Entering code into this notebook cell 
and pressing [SHIFT-ENTER] will cause the 
python interpreter to execute the code
"""
print("Hello world!")
print("[from this notebook cell]")

In [None]:
"""
Alternatively, you can run a 
any python script file (.py file)
so long as it contains valid
python code.
"""
!python hello_world.py

### Natural vs. Formal Languages

*Natural languages* are the languages that people speak. They are not designed (although they are subjected to various degrees of "order") and evolve naturally. 





*Formal languages* are languages that are designed by people for specific applications. 
- Mathematical Notation $E=mc^2$ 
- Chemical Notation: $\text{H}_2\text{O}$


*Programming languages* are **formal languages that have been designed to express computations**.



**Parsing**: The process of figuring out what the structure of a sentence or statement is (in a natural language you do this subconsciously). 


Formal Languages have **strict** syntax for _tokens_ and _structure_:

- Mathematical syntax error: $E=\$m🦆_2$ (bad tokens & bad structure)
- Chemical syntax error: $\text{G}_3\text{Z}$ (bad tokens, but structure is okay)

### Differences between Natural and Formal languages
1. _Ambiguity_:
Natural languages are full of ambiguity, which people parse using contextual clues. Formal languages are nearly or completely unambiguous; any statement has exactly one meaning, regardless of context.
1. _Redundancy_:
In order to make up for ambiguity, natural languages employ lots of redundancy. Formal languages are less redundant and more concise.
1. _Literalness_:
Formal languages mean exactly what they say. Natural languages employ idioms and metaphors.

The inherent differences between familiar natural languages and unfamiliar formal languages creates one of the greatest challenges in learning to code.

### A continuum of formalism
- _poetry_: Words are used for sound and meaning. Ambiguity is common and often deliberate.
- _prose_: The literal meaning of words is important, and the structure contributes meaning. Amenable to analysis but still often ambiguous.
- _program_: Meaning is unambiguous and literal, and can be understood entirely by analysis of the tokens and structure.

#### Strategies for parsing formal languages:
- **Formal languages are very dense**, so it takes longer to read them. 
- **Structure is very important**, so it is usually not a good idea to read from top to bottom, left to right. Instead, learn to parse the program in your head, identifying the tokens and interpreting the structure. 
- **Details matter**. Little things like spelling errors and bad punctuation, which you can get away with in natural languages, will make a big difference in a formal language.

## Why Python?



[IBM: R vs. Python](https://www.ibm.com/cloud/blog/python-vs-r)


Python is a multi-purpose language with a readable syntax that’s easy to learn. Programmers use Python to delve into data analysis or use machine learning in scalable production environments.

R is built by statisticians and leans heavily into statistical models and specialized analytics. Data scientists use R for deep statistical analysis, supported by just a few lines of code and beautiful data visualizations. 

In general, R is better for initial exploratory analyses, statistical analyses, and data visualization. 

In general, Python is better for working with APIs, writing maintainable, production-ready code, working with a diverse array of data, and building machine learning or AI workflows.

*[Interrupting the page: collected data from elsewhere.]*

(* Let $\{x_k\}$ be generated by the Subgradient-InexP method with Polyak's stepsize rule, under the standing assumptions (in particular $\Omega^*\neq\varnothing$). Then for every $x\in\Omega^*$ and every $k=0,1,\dots$, $$\|x_{k+1}-x\|^2\le\|x_k-x\|^2-\underline\beta\,\frac{[f(x_k)-f^*]^2}{\|s_k\|^2}.$$
   Context: Problem: minimize a convex $f:\mathbb{R}^n\to\mathbb{R}$ over a nonempty closed convex $C\subset\mathbb{R}^n$; $f^*:=\inf_{x\in C}f(x)$, $\Omega^*$ the set of minimizers. For $\epsilon\ge0$, $\partial_\epsilon f(x):=\{s: f(y)\ge f(x)+\langle s,y-x\rangle-\epsilon\ \forall y\}$. Relative error tolerance function: any $\varphi_{\gamma,\theta,\lambda}:(\mathbb{R}^n)^3\to[0,\infty)$ with $\varphi_{\gamma,\theta,\lambda}(u,v,w)\le\gamma\|v-u\|^2+\theta\|w-v\|^2+\lambda\|w-u\|^2$; for $u\in C$, $\mathcal{P}_C(\varphi_{\gamma,\theta,\lambda},u,v):=\{w\in C:\langle v-w,z-w\rangle\le\varphi_{\gamma,\theta,\lambda}(u,v,w)\ \forall z\in C\}$. Subgradient-InexP method: $x_0\in C$; at iteration $k$, if $0\in\partial f(x_k)$ stop; otherwise choose nonzero $s_k\in\partial_{\epsilon_k}f(x_k)$, stepsize $t_k>0$, and $x_{k+1}\in\mathcal{P}_C(\varphi_{\gamma_k,\theta_k,\lambda_k},x_k,x_k-t_ks_k)$. Standing assumptions: $\gamma_k\in[0,\bar\gamma)$, $\theta_k\in[0,\bar\theta)$, $\lambda_k\in[0,\bar\lambda)$ with $\bar\gamma\ge0$, $\bar\theta,\bar\lambda\in[0,1/2)$; the sequence is infinite. Let $\nu:=\frac{1+2\bar\gamma}{1-2\bar\lambda}$. Polyak's stepsize rule: $\Omega^*\neq\varnothing$, $f^*>-\infty$ known; $\mu\ge0$, $\underline\beta>0$, $\bar\beta>0$; $\{\epsilon_k\}$ nonincreasing, $0<\underline\beta\le\beta_k\le\bar\beta<\frac{1}{2\mu+\nu}$ and $0<\epsilon_k\le\mu\beta_k[f(x_k)-f^*]$ for all $k$; $t_k:=\beta_k\frac{f(x_k)-f^*}{\|s_k\|^2}$. *)

From HB Require Import structures.
From mathcomp Require Import all_boot all_order all_algebra.
From mathcomp Require Import all_classical all_reals all_analysis.
Set Implicit Arguments. Unset Strict Implicit. Unset Printing Implicit Defensive.
Import Order.TTheory GRing.Theory Num.Theory.
Import numFieldTopology.Exports.
Local Open Scope ring_scope.
Local Open Scope classical_set_scope.

Section Defs.
Variables (R : realType) (n : nat).
Notation vec := 'rV[R]_n.

Definition dotp (u v : vec) : R := \sum_(i < n) u ord0 i * v ord0 i.
Definition sqnorm (u : vec) : R := dotp u u.

Definition cvx_fun (f : vec -> R) : Prop :=
  forall (x y : vec) (a : R), 0 <= a -> a <= 1 ->
    f (a *: x + (1 - a) *: y) <= a * f x + (1 - a) * f y.

Definition cvx_set (C : set vec) : Prop :=
  forall (x y : vec) (a : R), C x -> C y -> 0 <= a -> a <= 1 ->
    C (a *: x + (1 - a) *: y).

Definition fstar (f : vec -> R) (C : set vec) : R := inf [set f x | x in C].

Definition Omega_star (f : vec -> R) (C : set vec) : set vec :=
  [set x | C x /\ forall y, C y -> f x <= f y].

Definition eps_subdiff (f : vec -> R) (eps : R) (x : vec) : set vec :=
  [set s | forall y : vec, f y >= f x + dotp s (y - x) - eps].

Definition rel_err_tol (phi : vec -> vec -> vec -> R) (gamma theta lambda : R) : Prop :=
  forall u v w : vec, 0 <= phi u v w /\
    phi u v w <= gamma * sqnorm (v - u) + theta * sqnorm (w - v) + lambda * sqnorm (w - u).

Definition inexact_proj (C : set vec) (phi : vec -> vec -> vec -> R) (u v : vec) : set vec :=
  [set w | C w /\ forall z, C z -> dotp (v - w) (z - w) <= phi u v w].

End Defs.

From HB Require Import structures.
From mathcomp Require Import all_boot all_order all_algebra.
From mathcomp Require Import all_classical all_reals all_analysis.
From mathcomp Require Import ring lra.
Set Implicit Arguments. Unset Strict Implicit. Unset Printing Implicit Defensive.
Import Order.TTheory GRing.Theory Num.Theory.
Import numFieldTopology.Exports.
Local Open Scope ring_scope.
Local Open Scope classical_set_scope.

(* Write u := x_k, v := u - t_k s_k, w := x_{k+1}, z a minimizer.
   1. Three-point inequality: since w is an inexact projection of v onto C,
      |w - z|^2 <= |v - z|^2 - |w - v|^2 + 2 phi(u, v, w) for every z in C.
   2. Taking z = u and using the relative error bound on phi gives the
      displacement bound (1 - 2 lambda)|w - u|^2 <= (1 + 2 gamma)|v - u|^2.
   3. Combining 1 and 2 yields |w - z|^2 <= |v - z|^2 + (K - 1)|v - u|^2 with
      K = (1 + 2 gamma)/(1 - 2 lambda) <= nu; expanding v = u - t s gives the
      basic Fejer-type inequality
      |w - z|^2 <= |u - z|^2 - 2 t <s, u - z> + nu t^2 |s|^2.
   4. The eps-subgradient inequality bounds <s, u - z> from below by
      f(u) - f_opt - eps, and a scalar computation with the Polyak stepsize
      t = beta (f(u) - f_opt)/|s|^2 and beta (2 mu + nu) <= 1 turns the right-hand
      side into |u - z|^2 - beta_low (f(u) - f_opt)^2/|s|^2.
   The file first develops the inner-product algebra, then steps 1-3 for an
   arbitrary inexact projection, then step 4, and finally the theorem. *)

Section InnerProduct.
Variables (R : realType) (n : nat).
Implicit Types u v w : 'rV[R]_n.

Lemma dotpC u v : dotp u v = dotp v u.
Proof. by apply: eq_bigr => i _; rewrite mulrC. Qed.

Lemma dotpDl u v w : dotp (u + v) w = dotp u w + dotp v w.
Proof. by rewrite /dotp -big_split; apply: eq_bigr => i _; rewrite mxE mulrDl. Qed.

Lemma dotpZl (a : R) u w : dotp (a *: u) w = a * dotp u w.
Proof. by rewrite /dotp mulr_sumr; apply: eq_bigr => i _; rewrite mxE mulrA. Qed.

Lemma dotpNl u w : dotp (- u) w = - dotp u w.
Proof. by rewrite -scaleN1r dotpZl mulN1r. Qed.

Lemma dotpNr u w : dotp w (- u) = - dotp w u.
Proof. by rewrite dotpC dotpNl dotpC. Qed.

Lemma sqnormD u v : sqnorm (u + v) = sqnorm u + 2 * dotp u v + sqnorm v.
Proof.
rewrite /sqnorm dotpDl !(dotpC _ (u + v)) !dotpDl (dotpC v u); ring.
Qed.

Lemma sqnormN u : sqnorm (- u) = sqnorm u.
Proof. by rewrite /sqnorm dotpNl dotpNr opprK. Qed.

Lemma sqnormZ (a : R) u : sqnorm (a *: u) = a ^+ 2 * sqnorm u.
Proof. by rewrite /sqnorm dotpZl dotpC dotpZl mulrA -expr2. Qed.

Lemma sqnorm_ge0 u : 0 <= sqnorm u.
Proof. by apply: sumr_ge0 => i _; rewrite -expr2 sqr_ge0. Qed.

Lemma sqnorm_gt0 u : u != 0 -> 0 < sqnorm u.
Proof.
move=> u0; rewrite lt_def sqnorm_ge0 andbT; apply: contra u0 => /eqP u2_0.
have sq_ge0 (j : 'I_n) : true -> 0 <= u ord0 j * u ord0 j.
  by move=> _; rewrite -expr2 sqr_ge0.
apply/eqP/rowP => i; rewrite mxE.
have ui0 : u ord0 i * u ord0 i = 0 by apply: (psumr_eq0P sq_ge0 u2_0).
by apply/eqP; rewrite -[_ == 0]orbb -mulf_eq0 ui0.
Qed.

Lemma sqnorm_step u z s (t : R) :
  sqnorm (u - t *: s - z) = sqnorm (u - z) - 2 * t * dotp s (u - z) + t ^+ 2 * sqnorm s.
Proof.
have -> : u - t *: s - z = (u - z) + - (t *: s) by rewrite addrAC.
by rewrite sqnormD sqnormN sqnormZ dotpNr dotpC dotpZl; ring.
Qed.

End InnerProduct.

Section InexactProjection.
Variables (R : realType) (n : nat).
Variables (C : set 'rV[R]_n) (phi : 'rV[R]_n -> 'rV[R]_n -> 'rV[R]_n -> R).
Variables (u v w : 'rV[R]_n).
Hypothesis w_proj : inexact_proj C phi u v w.

Lemma inexact_proj_three_point z : C z ->
  sqnorm (w - z) <= sqnorm (v - z) - sqnorm (w - v) + 2 * phi u v w.
Proof.
move=> Cz; have [_ /(_ z Cz) vw_angle] := w_proj.
have split_vz : v - z = (v - w) + (w - z) by rewrite addrA subrK.
have wv_sym : sqnorm (w - v) = sqnorm (v - w) by rewrite -sqnormN opprB.
have angle_sym : dotp (v - w) (z - w) = - dotp (v - w) (w - z).
  by rewrite -dotpNr opprB.
rewrite split_vz (sqnormD (v - w)) wv_sym; rewrite angle_sym in vw_angle; lra.
Qed.

Variables (gamma theta lambda : R).
Hypothesis phi_tol : rel_err_tol phi gamma theta lambda.

(* Error bound on phi at the iterate, with the nonpositive |w - v|^2 part dropped. *)
Lemma inexact_proj_err z : theta <= 1/2 -> C z ->
  sqnorm (w - z) <= sqnorm (v - z) + 2 * gamma * sqnorm (v - u)
                    + 2 * lambda * sqnorm (w - u).
Proof.
move=> theta_le Cz; have := inexact_proj_three_point Cz.
have [_ phi_le] := phi_tol u v w.
have : 0 <= (1 - 2 * theta) * sqnorm (w - v).
  by apply: mulr_ge0; [lra | exact: sqnorm_ge0].
lra.
Qed.

Lemma inexact_proj_displacement : theta <= 1/2 -> C u ->
  (1 - 2 * lambda) * sqnorm (w - u) <= (1 + 2 * gamma) * sqnorm (v - u).
Proof. by move=> theta_le Cu; have := inexact_proj_err theta_le Cu; lra. Qed.

End InexactProjection.

(* The factor (1 + 2 gamma)/(1 - 2 lambda) by which an inexact projection may
   enlarge the step; nu in the paper is its value at the upper bounds. *)
Definition growth_factor (R : realType) (gamma lambda : R) : R :=
  (1 + 2 * gamma) / (1 - 2 * lambda).

Lemma growth_factor_le (R : realType) (gamma lambda gamma' lambda' : R) :
  0 <= gamma <= gamma' -> lambda <= lambda' < 1/2 ->
  growth_factor gamma lambda <= growth_factor gamma' lambda'.
Proof.
move=> /andP[gamma0 gamma_le] /andP[lambda_le lambda'_lt].
have den_gt0 : 0 < 1 - 2 * lambda' by lra.
have den'_gt0 : 0 < 1 - 2 * lambda by lra.
rewrite /growth_factor ler_pdivrMr // mulrAC ler_pdivlMr //.
have num_le : 1 + 2 * gamma <= 1 + 2 * gamma' by lra.
have den_le : 1 - 2 * lambda' <= 1 - 2 * lambda by lra.
have := ler_wpM2r (ltW den_gt0) num_le.
have num'_ge0 : 0 <= 1 + 2 * gamma' by lra.
have := ler_wpM2l num'_ge0 den_le.
lra.
Qed.

(* Combining the three-point inequality with the displacement bound: the
   projection error costs at most (K - 1) times the squared step length. *)
Lemma inexact_proj_fejer (R : realType) (n : nat) (C : set 'rV[R]_n)
    (phi : 'rV[R]_n -> 'rV[R]_n -> 'rV[R]_n -> R) (gamma theta lambda : R)
    (u v w z : 'rV[R]_n) :
  rel_err_tol phi gamma theta lambda -> theta <= 1/2 -> 0 <= lambda < 1/2 ->
  inexact_proj C phi u v w -> C u -> C z ->
  sqnorm (w - z) <= sqnorm (v - z) + (growth_factor gamma lambda - 1) * sqnorm (v - u).
Proof.
move=> phi_tol theta_le /andP[lambda0 lambda_lt] w_proj Cu Cz.
have den_gt0 : 0 < 1 - 2 * lambda by lra.
have disp : sqnorm (w - u) <= growth_factor gamma lambda * sqnorm (v - u).
  rewrite /growth_factor mulrAC ler_pdivlMr //.
  have := inexact_proj_displacement w_proj phi_tol theta_le Cu; lra.
have K_id : (growth_factor gamma lambda - 1) * sqnorm (v - u) =
    2 * gamma * sqnorm (v - u)
    + 2 * lambda * (growth_factor gamma lambda * sqnorm (v - u)).
  by rewrite /growth_factor; field; rewrite gt_eqF.
have := inexact_proj_err w_proj phi_tol theta_le Cz.
have lambda2_ge0 : 0 <= 2 * lambda by lra.
have := ler_wpM2l lambda2_ge0 disp.
lra.
Qed.

Lemma inexact_subgradient_step (R : realType) (n : nat) (C : set 'rV[R]_n)
    (phi : 'rV[R]_n -> 'rV[R]_n -> 'rV[R]_n -> R) (gamma theta lambda nu t : R)
    (u s w z : 'rV[R]_n) :
  rel_err_tol phi gamma theta lambda -> theta <= 1/2 -> 0 <= lambda < 1/2 ->
  growth_factor gamma lambda <= nu ->
  inexact_proj C phi u (u - t *: s) w -> C u -> C z ->
  sqnorm (w - z) <= sqnorm (u - z) - 2 * t * dotp s (u - z) + nu * (t ^+ 2 * sqnorm s).
Proof.
move=> phi_tol theta_le lambda_rng K_le w_proj Cu Cz.
have step_len : sqnorm (u - t *: s - u) = t ^+ 2 * sqnorm s.
  by rewrite addrAC subrr add0r sqnormN sqnormZ.
have := inexact_proj_fejer phi_tol theta_le lambda_rng w_proj Cu Cz.
rewrite step_len sqnorm_step.
have K1_le : growth_factor gamma lambda - 1 <= nu - 1 by lra.
have := ler_wpM2r (mulr_ge0 (sqr_ge0 t) (sqnorm_ge0 s)) K1_le.
lra.
Qed.

Lemma eps_subdiff_inner_lb (R : realType) (n : nat) (f : 'rV[R]_n -> R)
    (eps : R) (u s z : 'rV[R]_n) :
  eps_subdiff f eps u s -> f u - f z - eps <= dotp s (u - z).
Proof.
move=> /(_ z) s_sub; rewrite -(opprB u z) dotpNr in s_sub; lra.
Qed.

Lemma fstar_minimizer (R : realType) (n : nat) (f : 'rV[R]_n -> R)
    (C : set 'rV[R]_n) (xs : 'rV[R]_n) :
  Omega_star f C xs -> fstar f C = f xs.
Proof.
move=> [Cxs xs_min]; apply/eqP; rewrite eq_le; apply/andP; split.
  apply: ge_inf; last by exists xs.
  by exists (f xs) => _ [y Cy <-]; exact: xs_min.
by apply: lb_le_inf; [exists (f xs), xs | move=> _ [y Cy <-]; exact: xs_min].
Qed.

Lemma iterates_in_C (R : realType) (n : nat) (C : set 'rV[R]_n)
    (phi : nat -> 'rV[R]_n -> 'rV[R]_n -> 'rV[R]_n -> R) (x v : nat -> 'rV[R]_n) :
  C (x 0%N) -> (forall k, inexact_proj C (phi k) (x k) (v k) (x k.+1)) ->
  forall k, C (x k).
Proof. by move=> Cx0 x_proj; elim=> [//|k _]; case: (x_proj k). Qed.

Lemma polyak_decrease (R : realType) (d S t g eps beta mu nu blow : R) :
  0 < S -> 0 < t -> t = beta * d / S -> eps <= mu * beta * d -> d - eps <= g ->
  0 <= blow <= beta -> beta * (2 * mu + nu) <= 1 ->
  - 2 * t * g + nu * (t ^+ 2 * S) <= - blow * (d ^+ 2 / S).
Proof.
move=> S_gt0 t_gt0 t_def eps_le g_ge /andP[blow0 blow_le] beta_le.
have E_ge0 : 0 <= d ^+ 2 / S by rewrite divr_ge0 ?sqr_ge0 // ltW.
have tg_ge : t * (d - mu * beta * d) <= t * g.
  by apply: ler_wpM2l; [exact: ltW | lra].
have lin_E : t * (d - mu * beta * d) = beta * (1 - mu * beta) * (d ^+ 2 / S).
  by rewrite t_def; field; rewrite gt_eqF.
have quad_E : t ^+ 2 * S = beta * beta * (d ^+ 2 / S).
  by rewrite t_def; field; rewrite gt_eqF.
have slack1 : 0 <= (d ^+ 2 / S) * (beta * (1 - beta * (2 * mu + nu))).
  by apply/mulr_ge0/mulr_ge0 => //; lra.
have slack2 : 0 <= (d ^+ 2 / S) * (beta - blow) by apply: mulr_ge0 => //; lra.
rewrite quad_E; lra.
Qed.

Theorem mainTheorem7 (R : realType) (n : nat)
  (f : 'rV[R]_n -> R) (C : set 'rV[R]_n)
  (x : nat -> 'rV[R]_n) (s : nat -> 'rV[R]_n)
  (eps t beta gamma theta lambda : nat -> R)
  (phi : nat -> 'rV[R]_n -> 'rV[R]_n -> 'rV[R]_n -> R)
  (gbar thbar lbar mu blow bhigh : R) :
  (* problem data *)
  cvx_fun f -> C !=set0 -> closed C -> cvx_set C ->
  (* standing assumptions on the tolerances *)
  0 <= gbar -> 0 <= thbar < 1/2 -> 0 <= lbar < 1/2 ->
  (forall k, 0 <= gamma k < gbar) ->
  (forall k, 0 <= theta k < thbar) ->
  (forall k, 0 <= lambda k < lbar) ->
  (forall k, rel_err_tol (phi k) (gamma k) (theta k) (lambda k)) ->
  (* Subgradient-InexP iteration, infinite sequence *)
  C (x 0%N) ->
  (forall k, ~ eps_subdiff f 0 (x k) 0) ->
  (forall k, s k != 0 /\ eps_subdiff f (eps k) (x k) (s k)) ->
  (forall k, 0 < t k) ->
  (forall k, inexact_proj C (phi k) (x k) (x k - t k *: s k) (x k.+1)) ->
  (* Polyak's stepsize rule *)
  Omega_star f C !=set0 ->
  0 <= mu -> 0 < blow -> 0 < bhigh ->
  (forall k, eps k.+1 <= eps k) ->
  (forall k, blow <= beta k /\ beta k <= bhigh) ->
  bhigh < 1 / (2 * mu + (1 + 2 * gbar) / (1 - 2 * lbar)) ->
  (forall k, 0 < eps k /\ eps k <= mu * beta k * (f (x k) - fstar f C)) ->
  (forall k, t k = beta k * (f (x k) - fstar f C) / sqnorm (s k)) ->
  (* conclusion *)
  forall xs, Omega_star f C xs -> forall k : nat,
    sqnorm (x k.+1 - xs) <=
      sqnorm (x k - xs) - blow * ((f (x k) - fstar f C) ^+ 2 / sqnorm (s k)).
Proof.
move=> _ _ _ _ gbar0 /andP[_ thbar_lt] /andP[_ lbar_lt] gamma_rng theta_rng
  lambda_rng phi_tol Cx0 _ s_sub t_pos x_proj _ mu0 blow0 _ _ beta_rng bhigh_lt
  eps_rng t_polyak xs xs_opt k.
have [Cxs _] := xs_opt.
rewrite (fstar_minimizer xs_opt) in eps_rng t_polyak *.
have [s_nz s_eps] := s_sub k.
have [blow_le beta_le] := beta_rng k.
have /andP[gamma0 gamma_lt] := gamma_rng k.
have /andP[_ theta_lt] := theta_rng k.
have /andP[lambda0 lambda_lt] := lambda_rng k.
set nu := growth_factor gbar lbar.
have K_le : growth_factor (gamma k) (lambda k) <= nu.
  by apply: growth_factor_le; apply/andP; split; lra.
have nu_gt0 : 0 < nu by rewrite divr_gt0 //; lra.
have beta_nu : beta k * (2 * mu + nu) <= 1.
  have c_gt0 : 0 < 2 * mu + nu by lra.
  have bhigh_c : bhigh * (2 * mu + nu) < 1 by rewrite -ltr_pdivlMr.
  have := ler_wpM2r (ltW c_gt0) beta_le; lra.
have theta_le : theta k <= 1/2 by lra.
have lambda_k_rng : 0 <= lambda k < 1/2 by apply/andP; split; lra.
have := inexact_subgradient_step (phi_tol k) theta_le lambda_k_rng K_le (x_proj k)
  (iterates_in_C Cx0 x_proj k) Cxs.
have [_ eps_le] := eps_rng k.
have blow_rng : 0 <= blow <= beta k by apply/andP; split; lra.
have := polyak_decrease (sqnorm_gt0 s_nz) (t_pos k) (t_polyak k) eps_le
  (eps_subdiff_inner_lb _ s_eps) blow_rng beta_nu.
lra.
Qed.
(* Let $J$ be a set and $\mathcal{G}^{*J}=*_{\alpha\in J}\mathcal{G}(\alpha)$ the levelwise free product of copies of the simplicial group $\mathcal{G}$. Then for each $n\geq1$: (1) $N_n\mathcal{G}^{*J}=R[\{2,3,\dots,n+1\}]$; (2) $\mathcal{Z}_n\mathcal{G}^{*J}=R[\{1,2,\dots,n+1\}]$; (3) $\mathcal{B}_n\mathcal{G}^{*J}=\mathcal{Z}_n\mathcal{G}^{*J}=R[\{1,2,\dots,n+1\}]$.
   Context: For a simplicial group $G$: Moore chains $N_nG=\bigcap_{i=1}^n\mathrm{Ker}(d_i\colon G_n\to G_{n-1})$, Moore cycles $\mathcal{Z}_nG=\bigcap_{i=0}^n\mathrm{Ker}(d_i)$, Moore boundaries $\mathcal{B}_nG=d_0(N_{n+1}G)$. $\mathcal{G}$ is the simplicial group with $\mathcal{G}_n$ the free group on letters $x_{i,j}$, $1\leq i<j\leq n+1$, faces $d_t(x_{i,j})=x_{i-1,j-1}$ if $t+1<i$, $=1$ if $t+1\in\{i,j\}$, $=x_{i,j-1}$ if $i<t+1<j$, $=x_{i,j}$ if $t+1>j$, and degeneracies $s_t(x_{i,j})=x_{i+1,j+1}$ if $t+1<i$, $=x_{i,j+1}x_{i+1,j+1}$ if $t+1=i$, $=x_{i,j+1}$ if $i<t+1<j$, $=x_{i,j}x_{i,j+1}$ if $t+1=j$, $=x_{i,j}$ if $t+1>j$ ($0\leq t\leq n$). In $\mathcal{G}^{*J}_n$ write $x_{i,j}(\alpha)$ for the letter $x_{i,j}$ of the copy indexed by $\alpha\in J$, and let $R_{i,j}$ be the normal closure of $\{x_{i,j}(\alpha)\mid\alpha\in J\}$ in $\mathcal{G}^{*J}_n$. For $T\subseteq\{1,\dots,n+1\}$, $R[T]$ is the product of all iterated commutator subgroups $[[\dots[R_{i_1,j_1},R_{i_2,j_2}],\dots],R_{i_t,j_t}]$, $t\geq1$, over sequences of pairs $1\leq i_s<j_s\leq n+1$ with $T\subseteq\{i_1,j_1,\dots,i_t,j_t\}$ (for $t=1$ the subgroup is $R_{i_1,j_1}$). *)

(* Free groups are encoded as words modulo free
   equivalence. *)
From mathcomp Require Import all_boot.
Set Implicit Arguments. Unset Strict Implicit. Unset Printing Implicit Defensive.

Section FreeSimplicial.
Variable J : Type.

(* letter x_{i,j}(alpha) *)
Definition letter := (nat * nat * J)%type.
(* a word: sequence of (exponent sign, letter); true = +1, false = -1 *)
Definition word := seq (bool * letter).

Definition winv (w : word) : word := rev (map (fun p => (~~ p.1, p.2)) w).

Inductive freq : word -> word -> Prop :=
| freq_refl w : freq w w
| freq_sym u v : freq u v -> freq v u
| freq_trans u v w : freq u v -> freq v w -> freq u w
| freq_cancel u v b x : freq (u ++ (b, x) :: (~~ b, x) :: v) (u ++ v).

(* letters of G^{*J}_n : 1 <= i < j <= n+1 *)
Definition valid_pair (n : nat) (q : nat * nat) : bool :=
  (1 <= q.1) && (q.1 < q.2) && (q.2 <= n.+1).
Definition wf_letter (n : nat) (x : letter) : bool := valid_pair n (x.1.1, x.1.2).
Definition level (n : nat) (w : word) : bool := all (fun p => wf_letter n p.2) w.

(* face map d_t on a letter (None means the identity element) *)
Definition face_letter (t : nat) (x : letter) : option letter :=
  let: (i, j, a) := x in
  if t.+1 < i then Some (i.-1, j.-1, a)
  else if (t.+1 == i) || (t.+1 == j) then None
  else if t.+1 < j then Some (i, j.-1, a)
  else Some (i, j, a).

Definition face (t : nat) (w : word) : word :=
  pmap (fun p => omap (fun y => (p.1, y)) (face_letter t p.2)) w.

Inductive gen (S : word -> Prop) : word -> Prop :=
| gen_nil : gen S [::]
| gen_in w : S w -> gen S w
| gen_mul u v : gen S u -> gen S v -> gen S (u ++ v)
| gen_inv u : gen S u -> gen S (winv u)
| gen_eq u v : gen S u -> freq u v -> gen S v.

(* R_{i,j}: normal closure in G^{*J}_n of {x_{i,j}(alpha) | alpha in J} *)
Definition Rgen (n i j : nat) : word -> Prop :=
  gen (fun w => exists (g : word) (a : J),
         level n g /\ w = winv g ++ (true, (i, j, a)) :: g).

Definition comm (H K : word -> Prop) : word -> Prop :=
  gen (fun w => exists h k, H h /\ K k /\ w = winv h ++ winv k ++ h ++ k).

Definition iterC (n : nat) (p : nat * nat) (s : seq (nat * nat)) : word -> Prop :=
  foldl (fun H q => comm H (Rgen n q.1 q.2)) (Rgen n p.1 p.2) s.

Definition RT (n : nat) (T : seq nat) : word -> Prop :=
  gen (fun w => exists (p : nat * nat) (s : seq (nat * nat)),
         all (valid_pair n) (p :: s) /\
         {subset T <= flatten [seq [:: q.1; q.2] | q <- p :: s]} /\
         iterC n p s w).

Both languages can _do_ anything. 
Most data science teams use both languages.
(and others too.. Matlab, Javascript, Go, Fortran, etc...)

In [None]:
from IPython.lib.display import YouTubeVideo
YouTubeVideo('GVvfNgszdU0')

### Language Usage by Data Scientists
[Anaconda State of Data Science](https://www.anaconda.com/state-of-data-science-2022)

Data from 2021:
![language_usage_2021.jpg](assets/language_usage_2021.jpg)

## What about 2023 data?


The data are [available here](https://raw.githubusercontent.com/anaconda/state-of-data-science/main/sods-survey-results-2023.csv)...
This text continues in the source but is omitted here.